### MATERIAL FOR THIS TASK:
Lemma diag_blocks_compl0 k l (W : 'I_l -> 'M[C]_k) (Y : 'M[C]_k) :
  (forall i, orth_proj (W i)) -> (forall i j, i != j -> W i *m W j = 0) ->
  forall i j, W j *m ((1%:M - W i) *m Y *m W i) *m W j = 0.
Proof.
move=> pW oW i j; have [<-|ij] := eqVneq i j.
  by rewrite !mulmxA orth_proj_mulC // !mul0mx.
by rewrite -!mulmxA oW // !mulmx0.
Qed.

End OrthProj.

Section OrdCat.
Variables (T : Type) (l1 l2 : nat) (F1 : 'I_l1 -> T) (F2 : 'I_l2 -> T).

Definition ord_cat (i : 'I_(l1 + l2)) : T :=
  match split i with inl a => F1 a | inr b => F2 b end.

Lemma ord_cat_lshift a : ord_cat (lshift l2 a) = F1 a.
Proof. by rewrite /ord_cat (unsplitK (inl _ a)). Qed.

Lemma ord_cat_rshift b : ord_cat (rshift l1 b) = F2 b.
Proof. by rewrite /ord_cat (unsplitK (inr _ b)). Qed.

Lemma ord_catP (P : T -> Prop) :
  (forall a, P (F1 a)) -> (forall b, P (F2 b)) -> forall i, P (ord_cat i).
Proof. by move=> P1 P2 i; rewrite /ord_cat; case: (split i). Qed.

End OrdCat.

Section PsdFactor.
Variable R : realType.
Local Notation C := R[i].

Definition outer_sum p (s : seq 'cV[C]_p) : 'M[C]_p := \sum_(h <- s) h *m adjmx h.

Lemma outer_sum_psd p (s : seq 'cV[C]_p) : psd (outer_sum s).
Proof.
rewrite /outer_sum; split.
  by rewrite /Defs.hermitian adjmx_sum; apply: eq_bigr => h _; rewrite adjmxM adjmxK.
move=> v; rewrite mulmx_sumr mulmx_suml summxE; apply: sumr_ge0 => h _.
have -> : adjmx v *m (h *m adjmx h) *m v = adjmx v *m h *m adjmx (adjmx v *m h).
  by rewrite adjmxM adjmxK !mulmxA.
by rewrite -trace_mx11 mxtrace_mul_adj_ge0.
Qed.

Lemma spectral_outer p (g : 'M[C]_p) : g \is normalmx ->
  let u j := adjmx (spectralmx g) *m delta_mx j (0 : 'I_1) in
  g = \sum_j spectral_diag g 0 j *: (u j *m adjmx (u j)) /\
  forall j, (adjmx (u j) *m g *m u j) 0 0 = spectral_diag g 0 j.
Proof.
move=> /orthomx_spectralP; set P := spectralmx g; set d := spectral_diag g.
rewrite invmx_unitary ?spectral_unitarymx // => gE u.
have PP : P *m adjmx P = 1%:M by apply/unitarymxP/spectral_unitarymx.
split=> [|j].
  rewrite {1}gE diag_mx_sum_delta mulmx_sumr mulmx_suml; apply: eq_bigr => j _.
  rewrite /u adjmxM adjmxK adjmx_delta !mulmxA.
  by rewrite -[adjmx P *m _ *m delta_mx 0 j]mulmxA mul_delta_mx -scalemxAr -scalemxAl.
rewrite gE /u adjmxM adjmxK adjmx_delta !mulmxA -(mulmxA _ P (adjmx P)) PP mulmx1.
rewrite -(mulmxA _ P (adjmx P)) PP mulmx1 diag_mx_sum_delta mulmx_sumr mulmx_suml.
rewrite summxE (bigD1 j) //= big1 ?addr0 => [|i ij].
  by rewrite -scalemxAr -scalemxAl !mul_delta_mx !mxE !eqxx mulr1.
rewrite -scalemxAr -scalemxAl !mul_delta_mx_cond eq_sym (negbTE ij).
by rewrite mulr0n mul0mx scaler0 mxE.
Qed.

Lemma psd_outer_sum p (g : 'M[C]_p) : psd g -> exists s, g = outer_sum s.
Proof.
move=> [hg pg]; have nm : g \is normalmx.
  by apply/normalmxP; change (g *m adjmx g = adjmx g *m g); rewrite hg.
pose u j := adjmx (spectralmx g) *m delta_mx j (0 : 'I_1).
pose d := spectral_diag g.
have [gE ugu] : g = \sum_j d 0 j *: (u j *m adjmx (u j)) /\
  forall j, (adjmx (u j) *m g *m u j) 0 0 = d 0 j := spectral_outer nm.
have d_ge0 j : 0 <= d 0 j by have := pg (u j); rewrite ugu.
exists [seq sqrtC (d 0 j) *: u j | j <- enum 'I_p].
rewrite /outer_sum big_map big_enum {1}gE /=; apply: eq_bigr => j _.
rewrite adjmxZ -scalemxAl -scalemxAr scalerA.
by rewrite geC0_conj ?sqrtC_ge0 // -expr2 sqrtCK.
Qed.

End PsdFactor.

Section KrausMaps.
Variables (R : realType) (k m : nat) (s : seq 'M[R[i]]_(m, k)).
Lemma row_min_le i w j : row_min b s T X i w <= X i j w.
Proof. by apply: foldr_min_le; apply: map_f; rewrite mem_enum. Qed.

Lemma row_min_le_exists i w t : (0 < s i)%N ->
  (row_min b s T X i w <= t) = [exists j, X i j w <= t].
Proof.
move=> s_gt0; apply/idP/existsP => [|[j]]; last exact/le_trans/row_min_le.
rewrite /row_min; set v := map _ _.
have v_nil : v != [::] by rewrite -size_eq0 size_map size_enum_ord -lt0n.
have /mapP [j _ ->] : foldr Num.min (head 0 v) v \in v.
  have := foldr_min_mem v (head 0 v); rewrite inE => /orP [/eqP -> | //].
  by case: v v_nil => //= a v' _; rewrite mem_head.
by exists j.
Qed.

Definition nblocks_le (w : T) (x : R) : nat := #|[pred l | Ptilde b s T X l w <= x]|.

Lemma ord_stat_le w k x : (0 < k <= b)%N ->
  (ord_stat b s T X w k <= x) = (k <= nblocks_le w x)%N.
Proof.
move=> k_range; rewrite /ord_stat nth_sort_le; first by rewrite count_map count_enum_card.
by rewrite size_map size_enum_ord.
Qed.

End RowMin.

Section StepUpPointwise.
Context {R : realType} (b : nat) (s : 'I_b -> nat) (T : Type)
  (X : forall i : 'I_b, 'I_(s i) -> T -> R) (alpha : R).
Hypothesis b_gt0 : (0 < b)%N.
Hypothesis s_gt0 : forall i, (0 < s i)%N.
Hypothesis alpha_ge0 : 0 <= alpha.
(* Let $\pi$ be uniformly distributed on $\mathrm{PF}_n$ and let $X$ be a Borel random variable, $P(X=m)=e^{-m}m^{m-1}/m!$ for $m=1,2,\dots$. For each fixed integer $j\ge 0$, $$P(\pi_1=n-j)\sim\frac{P(X\le j+1)}{n}\qquad(n\to\infty).$$ In particular $P(\pi_1=n)\sim 1/(en)$.
   Context: A parking function of length $n$ is a sequence $(\pi_1,\dots,\pi_n)$ with $1\le\pi_i\le n$ such that $\#\{t:\pi_t\le i\}\ge i$ for all $1\le i\le n$; $\mathrm{PF}_n$ denotes the set of these. $a_n\sim b_n$ means $a_n/b_n\to1$. *)

From Stdlib Require Import Reals Arith List Bool.
Import ListNotations.
Open Scope bool_scope.

Fixpoint all_seqs (n k : nat) : list (list nat) :=
  match k with
  | O => [ [] ]
  | S k' => flat_map (fun x => map (fun s => x :: s) (all_seqs n k')) (seq 1 n)
  end.

Definition count_le (p : list nat) (i : nat) : nat :=
  length (filter (fun x => Nat.leb x i) p).

Definition is_pf (n : nat) (p : list nat) : Prop :=
  length p = n /\ (forall x, In x p -> (1 <= x <= n)%nat) /\
  (forall i, (1 <= i <= n)%nat -> (i <= count_le p i)%nat).

Definition is_pfb (n : nat) (p : list nat) : bool :=
  Nat.eqb (length p) n &&
  forallb (fun x => Nat.leb 1 x && Nat.leb x n) p &&
  forallb (fun i => Nat.leb i (count_le p i)) (seq 1 n).

(* PF_n as an explicit list (no duplicates, since all_seqs has none). *)
Definition PF (n : nat) : list (list nat) := filter (is_pfb n) (all_seqs n n).

Open Scope R_scope.
Definition prob_first (n v : nat) : R :=
  INR (length (filter (fun p => Nat.eqb (hd 0%nat p) v) (PF n))) / INR (length (PF n)).

Definition borel_pmf (m : nat) : R :=
  exp (- INR m) * INR m ^ (m - 1) / INR (fact m).

Definition borel_cdf (k : nat) : R :=
  fold_right Rplus 0 (map borel_pmf (seq 1 k)).
Open Scope R_scope.

(* For [s] of length [n - 1], the word [v :: s] is a parking function iff [s] satisfies the
   parking inequalities with one extra car at [v].  Raising [v] by one loses exactly the [s]
   for which [v] is critical, i.e. only [v - 1] entries of [s] are at most [v]; such an [s] is a
   shuffle of a parking function of length [v - 1] and a shifted parking function of length
   [n - v], so there are [C(n-1, n-v) v^(v-2) (n-v+1)^(n-v-1)] of them.  These counts, and
   [|PF_n| = (n+1)^(n-1)], come from the number [a (a+k)^(k-1)] of parking words of length [k]
   with [a - 1] extra cars preferring spot 1, which follows from Abel's identity after splitting
   off the entries equal to 1.  Hence [n P(pi_1 = n - j)] is a sum of [j + 1] explicit terms, the
   [m]-th of which tends to [e^(-m) m^(m-1) / m!]. *)

From Stdlib Require Import Reals Arith List Lia Bool Lra.
From Coquelicot Require Import Coquelicot.
From mathcomp Require binomial.
Import ListNotations.
Set Bullet Behavior "Strict Subproofs".

Open Scope nat_scope.

(** * Words and shuffles *)

Fixpoint words (A : list nat) (k : nat) : list (list nat) :=
  match k with
  | O => [ [] ]
  | S k' => flat_map (fun x => map (fun s => x :: s) (words A k')) A
  end.

Lemma all_seqs_words n k : all_seqs n k = words (seq 1 n) k.
Proof. induction k as [|k IHk]; simpl; [reflexivity | now rewrite IHk]. Qed.

Lemma in_words A k s : In s (words A k) -> length s = k /\ (forall x, In x s -> In x A).
Proof.
  revert s; induction k as [|k IHk]; simpl; intros s Hs.
  - destruct Hs as [<-|[]]; split; [reflexivity | intros _ []].
  - apply in_flat_map in Hs as [x [Hx Hs]]. apply in_map_iff in Hs as [s' [<- Hs']].
    apply IHk in Hs' as [Hlen Hs']. simpl; split; [lia|]. intros y [<-|Hy]; auto.
Qed.
(* Let $S$ be a finite alphabet, $X = S^{\mathbb{Z}}$ the full shift, and $f : X \to X$ a cellular automaton. Then the language of the asymptotic set $\mathcal{A}(f)$ is a $\Sigma^1_1$ set (identifying $S^*$ with $\mathbb{N}$ via a computable bijection).
   Context: A cellular automaton on $X = S^{\mathbb{Z}}$ (with the product topology) is a continuous map $f: X\to X$ commuting with the shift. The asymptotic set of $f$ is $\mathcal{A}(f) = \bigcup_{x \in X} \bigcap_{n \in \mathbb{N}} \overline{\bigcup_{k \geq n} \{f^k(x)\}}$, i.e. the union over all $x$ of the sets of limit points of the orbit of $x$. The language of a (not necessarily closed) set $Y \subseteq S^{\mathbb{Z}}$ is the set of words $w \in S^*$ such that $w = y_{[0,k-1]}$ for some $y \in Y$ and $k \in \mathbb{N}$. A set $P \subseteq \mathbb{N}$ is $\Sigma^1_1$ if it is definable by a formula with one existential set quantifier, no universal set quantifier and arbitrary number quantifiers; equivalently $w \in P \iff (\exists C \subseteq \mathbb{N})(\forall m \in \mathbb{N})(\exists \ell \in \mathbb{N}) R(C,m,\ell,w)$ for a recursive predicate $R$. *)

From mathcomp Require Import all_boot all_order all_algebra.
Set Implicit Arguments. Unset Strict Implicit. Unset Printing Implicit Defensive.
Import GRing.Theory Num.Theory.

Definition config (S : finType) := int -> S.

Definition shift (S : finType) (x : config S) : config S :=
  fun i => x (i + 1)%R.

(* x and y agree on the window [-n, n] (basic cylinder neighbourhoods
   of the product topology, S discrete) *)
Definition agree (S : finType) (n : nat) (x y : config S) : Prop :=
  forall i : int, (`|i| <= n)%N -> x i = y i.

(* continuity for the product topology, unfolded through the cylinder basis *)
Definition cfg_continuous (S : finType) (f : config S -> config S) : Prop :=
  forall (x : config S) (n : nat), exists m : nat,
    forall y : config S, agree m x y -> agree n (f x) (f y).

### ABOUT THIS EXERCISE:
Write out, exactly as they appear, the lines from the one containing "Import GRing.Theory Num.Theory." through the last line of the records above, both included, and nothing more.

### TASK ANSWER:
Import GRing.Theory Num.Theory.

Definition config (S : finType) := int -> S.

Definition shift (S : finType) (x : config S) : config S :=
  fun i => x (i + 1)%R.

(* x and y agree on the window [-n, n] (basic cylinder neighbourhoods
   of the product topology, S discrete) *)
Definition agree (S : finType) (n : nat) (x y : config S) : Prop :=
  forall i : int, (`|i| <= n)%N -> x i = y i.

(* continuity for the product topology, unfolded through the cylinder basis *)
Definition cfg_continuous (S : finType) (f : config S -> config S) : Prop :=
  forall (x : config S) (n : nat), exists m : nat,
    forall y : config S, agree m x y -> agree n (f x) (f y).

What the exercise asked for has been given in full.